We could consider a {\fg} as a black box, or component 
to use, and in this case it would have a set of failure modes.
Looking at the {\fg} in this way is seeing it as a {\dc}.

In terms of our UML model, the symptom abstraction process takes a {\fg}
and creates a new {\dc} from it.
%To do this it first creates
%a new set of failure modes, representing the fault behaviour
%of the functional group. This is a human process and to do this the analyst
%must consider all the failure modes of the components in the functional
%group.
The newly created {\dc} requires a set of failure modes of its own.
These failure modes are the failure mode behaviour of the {\fg} that it was derived from.
Because these new failure modes were derived from a {\fg} we can call 
these `derived~failure~modes'.
%It then creates a new derived~component object, and associates it to this new set of derived~failure~modes.
We thus have a `new' component, or system building block, but with a known and traceable
fault behaviour.

The UML representation shows a `functional group' having a one to one relationship with a derived~component.
We can represent this using a UML diagram in figure \ref{fig:cfg}.

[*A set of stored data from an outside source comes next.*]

(* For all $\lambda,\mu\in\Lambda(n,r)$ and every nonzero $a\in 1_\lambda\hat S(n,r)1_\mu$, one has $a\,\rho(a)\neq0$ (an element of $1_\lambda\hat S(n,r)1_\lambda$) and $\rho(a)\,a\neq 0$ (an element of $1_\mu\hat S(n,r)1_\mu$).
   Context: Fix integers $n\ge3$, $r\ge1$; indices are read modulo $n$. $\hat U=\hat{\mathbf U}_q(\hat{\mathfrak{gl}}_n)$ is the associative unital $\mathbb{Q}(q)$-algebra generated by $R^{\pm1}$, $K_i^{\pm1}$, $E_i$, $E_{-i}$ ($1\le i\le n$) subject to: the $K_i^{\pm1}$ pairwise commute and $K_iK_i^{-1}=K_i^{-1}K_i=1$; $E_iE_{-j}-E_{-j}E_i=\delta_{ij}\frac{K_iK_{i+1}^{-1}-K_i^{-1}K_{i+1}}{q-q^{-1}}$; $K_iE_{\pm j}=q^{\pm(\delta_{i,j}-\delta_{i,j+1})}E_{\pm j}K_i$; for $\epsilon,\delta\in\{1,-1\}$, $E_{\epsilon i}^2E_{\epsilon(i+\delta)}-(q+q^{-1})E_{\epsilon i}E_{\epsilon(i+\delta)}E_{\epsilon i}+E_{\epsilon(i+\delta)}E_{\epsilon i}^2=0$; $E_{\epsilon i}E_{\epsilon j}=E_{\epsilon j}E_{\epsilon i}$ if $j\not\equiv i\pm1\pmod n$; $RR^{-1}=R^{-1}R=1$; $RXR^{-1}=X'$ for $(X,X')\in\{(E_i,E_{i+1}),(E_{-i},E_{-(i+1)}),(K_i^{-1},K_{i+1}^{-1})\}$. The coproduct $\Delta$ is the algebra map with $\Delta(E_i)=E_i\otimes K_iK_{i+1}^{-1}+1\otimes E_i$, $\Delta(E_{-i})=K_i^{-1}K_{i+1}\otimes E_{-i}+E_{-i}\otimes1$, $\Delta(K_i^{\pm1})=K_i^{\pm1}\otimes K_i^{\pm1}$, $\Delta(R^{\pm1})=R^{\pm1}\otimes R^{\pm1}$. $\rho$ is the $\mathbb{Q}(q)$-linear algebra anti-involution of $\hat U$ with $\rho(E_i)=qK_iK_{i+1}^{-1}E_{-i}$, $\rho(E_{-i})=qK_i^{-1}K_{i+1}E_i$, $\rho(K_i)=K_i$, $\rho(R)=R^{-1}$. $V$ is the $\mathbb{Q}(q)$-vector space with basis $\{e_t\}_{t\in\mathbb{Z}}$, a $\hat U$-module via: $E_ie_{t+1}=e_t$ if $i\equiv t\pmod n$ and $0$ otherwise; $E_{-i}e_t=e_{t+1}$ if $i\equiv t\pmod n$ and $0$ otherwise; $K_i^{\pm1}e_t=q^{\pm1}e_t$ if $i\equiv t\pmod n$ and $e_t$ otherwise; $R^{\pm1}e_t=e_{t\pm1}$; $\hat U$ acts on $V^{\otimes r}$ via the iterated coproduct, giving $\psi_{n,r}\colon\hat U\to\mathrm{End}_{\mathbb{Q}(q)}(V^{\otimes r})$. The affine $q$-Schur algebra is $\hat S(n,r):=\psi_{n,r}(\hat U)$ (by affine Schur–Weyl duality this is the centralizer of the extended affine Hecke algebra action on $V^{\otimes r}$). The bilinear form on $V^{\otimes r}$ is $\langle e_{s_1}\otimes\cdots\otimes e_{s_r},e_{t_1}\otimes\cdots\otimes e_{t_r}\rangle=\prod_j\delta_{s_jt_j}$; one has $\langle Xv,w\rangle=\langle v,\rho(X)w\rangle$, so $\rho$ induces a well-defined anti-involution of $\hat S(n,r)$, again denoted $\rho$, by $\rho(\psi_{n,r}(X))=\psi_{n,r}(\rho(X))$. $\Lambda(n,r)=\{\lambda\in\mathbb{N}^n:\sum_i\lambda_i=r\}$; for $\lambda\in\Lambda(n,r)$, $1_\lambda\in\hat S(n,r)$ is the projection of $V^{\otimes r}$ onto the span of those $e_{t_1}\otimes\cdots\otimes e_{t_r}$ with $\#\{j: t_j\equiv i\pmod n\}=\lambda_i$ for all $i$ (so $\rho(1_\lambda)=1_\lambda$ and $\sum_{\lambda}1_\lambda=1$). *)

From HB Require Import structures.
From mathcomp Require Import all_boot all_order all_algebra fraction.
Set Implicit Arguments. Unset Strict Implicit. Unset Printing Implicit Defensive.
Import Order.TTheory GRing.Theory Num.Theory.
Local Open Scope ring_scope.

Definition F : fieldType := {fraction {poly rat}}.
Definition q : F := FracField.tofrac 'X.

(* Generators of \hat U = U_q(\hat gl_n).  An index i : 'I_n stands for the
   generator index i+1 in {1,...,n}. gE i = E_{i+1}, gF i = E_{-(i+1)}. *)
Inductive gen (n : nat) : Type :=
 | gR | gRinv | gK of 'I_n | gKinv of 'I_n | gE of 'I_n | gF of 'I_n.
Arguments gR {n}. Arguments gRinv {n}.

(* Elements of \hat U are represented by (non-commutative polynomial)
   expressions in the generators; every element of \hat U is of this form. *)
Inductive term (n : nat) : Type :=
 | tGen of gen n
 | tOne
 | tAdd of term n & term n
 | tScale of F & term n
 | tMul of term n & term n.
Arguments tOne {n}.

Definition rho_gen n (g : gen n) : term n :=
  match g with
  | gR => tGen gRinv
  | gRinv => tGen gR
  | gK i => tGen (gK i)
  | gKinv i => tGen (gKinv i)
  | gE i => tMul (tScale q (tMul (tGen (gK i)) (tGen (gKinv (ordS i))))) (tGen (gF i))
  | gF i => tMul (tScale q (tMul (tGen (gKinv i)) (tGen (gK (ordS i))))) (tGen (gE i))
  end.

Fixpoint rho n (x : term n) : term n :=
  match x with
  | tGen g => rho_gen g
  | tOne => tOne
  | tAdd a b => tAdd (rho a) (rho b)
  | tScale c a => tScale c (rho a)
  | tMul a b => tMul (rho b) (rho a)
  end.

Section Action.
Variables n r : nat.

(* Basis of V^{\otimes r}: e_{t_1} (x) ... (x) e_{t_r}, t : 'I_r -> int. *)
Definition tens := {ffun 'I_r -> int}.
(* A vector of V^{\otimes r}: a finite formal linear combination of basis tensors. *)
Definition vec := seq (F * tens).
(* A linear endomorphism of V^{\otimes r}, given by its values on the basis. *)
Definition op := tens -> vec.

Definition coef (v : vec) (s : tens) : F := \sum_(p <- v | p.2 == s) p.1.
Definition op_nonzero (A : op) : Prop := exists t s, coef (A t) s != 0.

Definition vscale (c : F) (v : vec) : vec := [seq (c * p.1, p.2) | p <- v].
Definition apply (A : op) (v : vec) : vec := flatten [seq vscale p.1 (A p.2) | p <- v].
Definition opcomp (A B : op) : op := fun t => apply A (B t).

Definition cong (s i : int) : bool := ((s - i) %% n)%Z == 0.
Definition idx (i : 'I_n) : int := (i.+1)%:Z.

Definition upd (t : tens) (j : 'I_r) (v : int) : tens :=
  [ffun k => if k == j then v else t k].
Definition shift (t : tens) (d : int) : tens := [ffun k => t k + d].

(* exponent of q in K_i K_{i+1}^{-1} e_s *)
Definition kexp (i s : int) : int := (cong s i : nat)%:Z - (cong s (i + 1) : nat)%:Z.

(* Action via the iterated coproduct:
   Delta^(r)(E_i)    = sum_j 1^{(j-1)} (x) E_i (x) (K_i K_{i+1}^{-1})^{(r-j)}
   Delta^(r)(E_{-i}) = sum_j (K_i^{-1} K_{i+1})^{(j-1)} (x) E_{-i} (x) 1^{(r-j)}
   Delta^(r)(K_i^{+-1}) = (K_i^{+-1})^{(r)},  Delta^(r)(R^{+-1}) = (R^{+-1})^{(r)}. *)
Definition gen_act (g : gen n) : op := fun t =>
  match g with
  | gR => [:: (1, shift t 1)]
  | gRinv => [:: (1, shift t (-1))]
  | gK i => [:: (\prod_(k < r) q ^ ((cong (t k) (idx i) : nat)%:Z), t)]
  | gKinv i => [:: (\prod_(k < r) q ^ (- (cong (t k) (idx i) : nat)%:Z), t)]
  | gE i => [seq (\prod_(k < r | (j < k)%N) q ^ (kexp (idx i) (t k)), upd t j (t j - 1))
             | j : 'I_r <- enum 'I_r & cong (t j - 1) (idx i)]
  | gF i => [seq (\prod_(k < r | (k < j)%N) q ^ (- kexp (idx i) (t k)), upd t j (t j + 1))
             | j : 'I_r <- enum 'I_r & cong (t j) (idx i)]
  end.

Fixpoint psi (x : term n) : op :=
  match x with
  | tGen g => gen_act g
  | tOne => fun t => [:: (1, t)]
  | tAdd a b => fun t => psi a t ++ psi b t
  | tScale c a => fun t => vscale c (psi a t)
  | tMul a b => opcomp (psi a) (psi b)
  end.

Definition wt (t : tens) (i : 'I_n) : nat := \sum_(j < r) (cong (t j) (idx i) : nat).

Definition one_w (lam : 'I_n -> nat) : op := fun t =>
  if [forall i, wt t i == lam i] then [:: (1, t)] else [::].

(* 1_lam psi(x) 1_mu : the general element of 1_lam \hat S(n,r) 1_mu *)
Definition cut (lam : 'I_n -> nat) (x : term n) (mu : 'I_n -> nat) : op :=
  opcomp (one_w lam) (opcomp (psi x) (one_w mu)).

End Action.

From HB Require Import structures.
From mathcomp Require Import all_boot all_order all_algebra fraction generic_quotient.
From mathcomp Require Import ring.
Set Implicit Arguments. Unset Strict Implicit. Unset Printing Implicit Defensive.
Import GRing.Theory Num.Theory.
Local Open Scope ring_scope.
Local Notation "x %:F" := (@FracField.tofrac _ x) (format "x %:F").

(* The anti-involution rho is the adjoint for the standard bilinear form on
   V^(x)r: psi(rho x) is the transpose of psi(x) in the tensor basis.  We check
   this on generators (R, K_i, and the diagonal q-prefactors of rho(E_(+-i)) are
   easy; for E_(+-i) the entries of both sides are matched term by term, using
   the exponent bookkeeping of the coproduct) and extend it to all of U since
   transposition reverses products.  As the weight idempotents are diagonal, the
   element a = 1_lam psi(x) 1_mu has transpose rho(a) = 1_mu psi(rho x) 1_lam.

   For any operator A with transpose B, the diagonal entry of A B at s is
   <B s, B s>, the sum of the squares of the entries of the column B s.  Over
   F = Q(q) a sum of squares vanishes only if every term does (clear denominators,
   then evaluate the polynomials at rational points), so A B <> 0 whenever A <> 0;
   applying this to (A, B) and (B, A) gives both claims. *)

Definition sum_sq_definite (R : pzRingType) : Prop :=
  forall s : seq R, \sum_(c <- s) c ^+ 2 = 0 -> all (fun c => c == 0) s.

(* Over a real domain: a vanishing sum of squares of polynomials forces each of
   them to vanish at every point, hence everywhere. *)
Lemma poly_sum_sq_definite (R : realDomainType) : sum_sq_definite {poly R}.
Proof.
move=> s sum0; apply/allP => p ps; apply/eqP.
have root_p (x : R) : root p x.
  have /eqP := congr1 (horner^~ x) sum0.
  rewrite horner_sum horner0 psumr_eq0 => [/allP/(_ p ps)|c _].
    by rewrite horner_exp sqrf_eq0.
  by rewrite horner_exp sqr_ge0.
apply: (@roots_geq_poly_eq0 _ _ [seq i%:R | i <- iota 0 (size p)]).
- by apply/allP => y _; apply: root_p.
- by rewrite map_inj_uniq ?iota_uniq // => a b /eqP; rewrite eqr_nat => /eqP.
- by rewrite size_map size_iota.
Qed.

Lemma tofrac_denom (R : idomainType) (x : {fraction R}) :
  exists2 b : R, b != 0 & exists a : R, x * b%:F = a%:F.
Proof.
elim/quotW: x => y; exists y.2; first exact: denom_ratioP.
exists y.1; unlock tofrac; rewrite !piE; apply/eqP; rewrite FracField.equivf_def.
rewrite /= /FracField.mulf /= !numden_Ratio ?mulf_neq0 ?oner_neq0 ?denom_ratioP //.
by rewrite !mulr1 mulrC.
Qed.

Lemma tofrac_common_denom (R : idomainType) (s : seq {fraction R}) :
  exists2 d : R, d != 0 & exists ps : seq R, [seq c * d%:F | c <- s] = [seq p%:F | p <- ps].
Proof.
elim: s => [|c s [d d_neq0 [ps eq_ps]]]; first by exists 1; [exact: oner_neq0 | exists [::]].
have [b b_neq0 [a eq_a]] := tofrac_denom c.
exists (d * b); first by rewrite mulf_neq0.
exists (a * d :: [seq p * b | p <- ps]) => /=; congr (_ :: _).
  by rewrite !tofracM -eq_a; ring.
transitivity [seq c' * b%:F | c' <- [seq c' * d%:F | c' <- s]].
  by rewrite -map_comp; apply: eq_map => c' /=; rewrite tofracM mulrA.
by rewrite eq_ps -!map_comp; apply: eq_map => p /=; rewrite tofracM.
Qed.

The symbol $\bowtie$ is used to indicate the analysis process that takes a
functional group and converts it into a new component.

This can be expresed as
\[ \bowtie ( FG ) \mapsto DerivedComponent \].


\begin{figure}[h]
 \centering
 \includegraphics[width=400pt,bb=0 0 712 286,keepaspectratio=true]{component_failure_modes_definition/cfg.jpg}
 % cfg.jpg: 712x286 pixel, 72dpi, 25.12x10.09 cm, bb=0 0 712 286
 \caption{UML Meta model for FMMD hierarchy}
 \label{fig:cfg}
\end{figure}


\subsection{Keeping track of the derived \\ components position in the hierarchy}

The UML meta model in figure \ref{fig:cfg}, shows the relationships
between the classes and sub-classes.
In use we will build a hierarchy of
objects, with derived~components forming functional~groups, and creating
derived components higher up in the structure.
The level variable in each component,
indicates the position in the hierarchy. Base or parts~list components
have a `level' of 0. 
% I do not know how to make this simpler
Derived~components take a level based on the highest level
component used to build the functional group it was derived from plus 1.
So a derived component built from base level or parts list components
would have a level of 1.
%\clearpage



% \section{Set Theory Description}
% 
% $$ System \stackrel{has}{\longrightarrow} PartsList $$
% 
% $$ PartsList  \stackrel{has}{\longrightarrow} Components $$
% 
% $$ Component \stackrel{has}{\longrightarrow} FailureModes $$
% 
% $$ FunctionalGroup  \stackrel{has}{\longrightarrow} Components $$
% 
% Using the symbol $\bowtie$ to indicate an analysis process that takes a
% functional group and converts it into a new component.
% 
% $$ \bowtie ( FG ) \mapsto DerivedComponent $$
% 

\subsection{Relationships between functional~groups and failure modes}




Let the set of all possible components  be $\mathcal{C}$
and let the set of all possible failure modes be $\mathcal{F}$.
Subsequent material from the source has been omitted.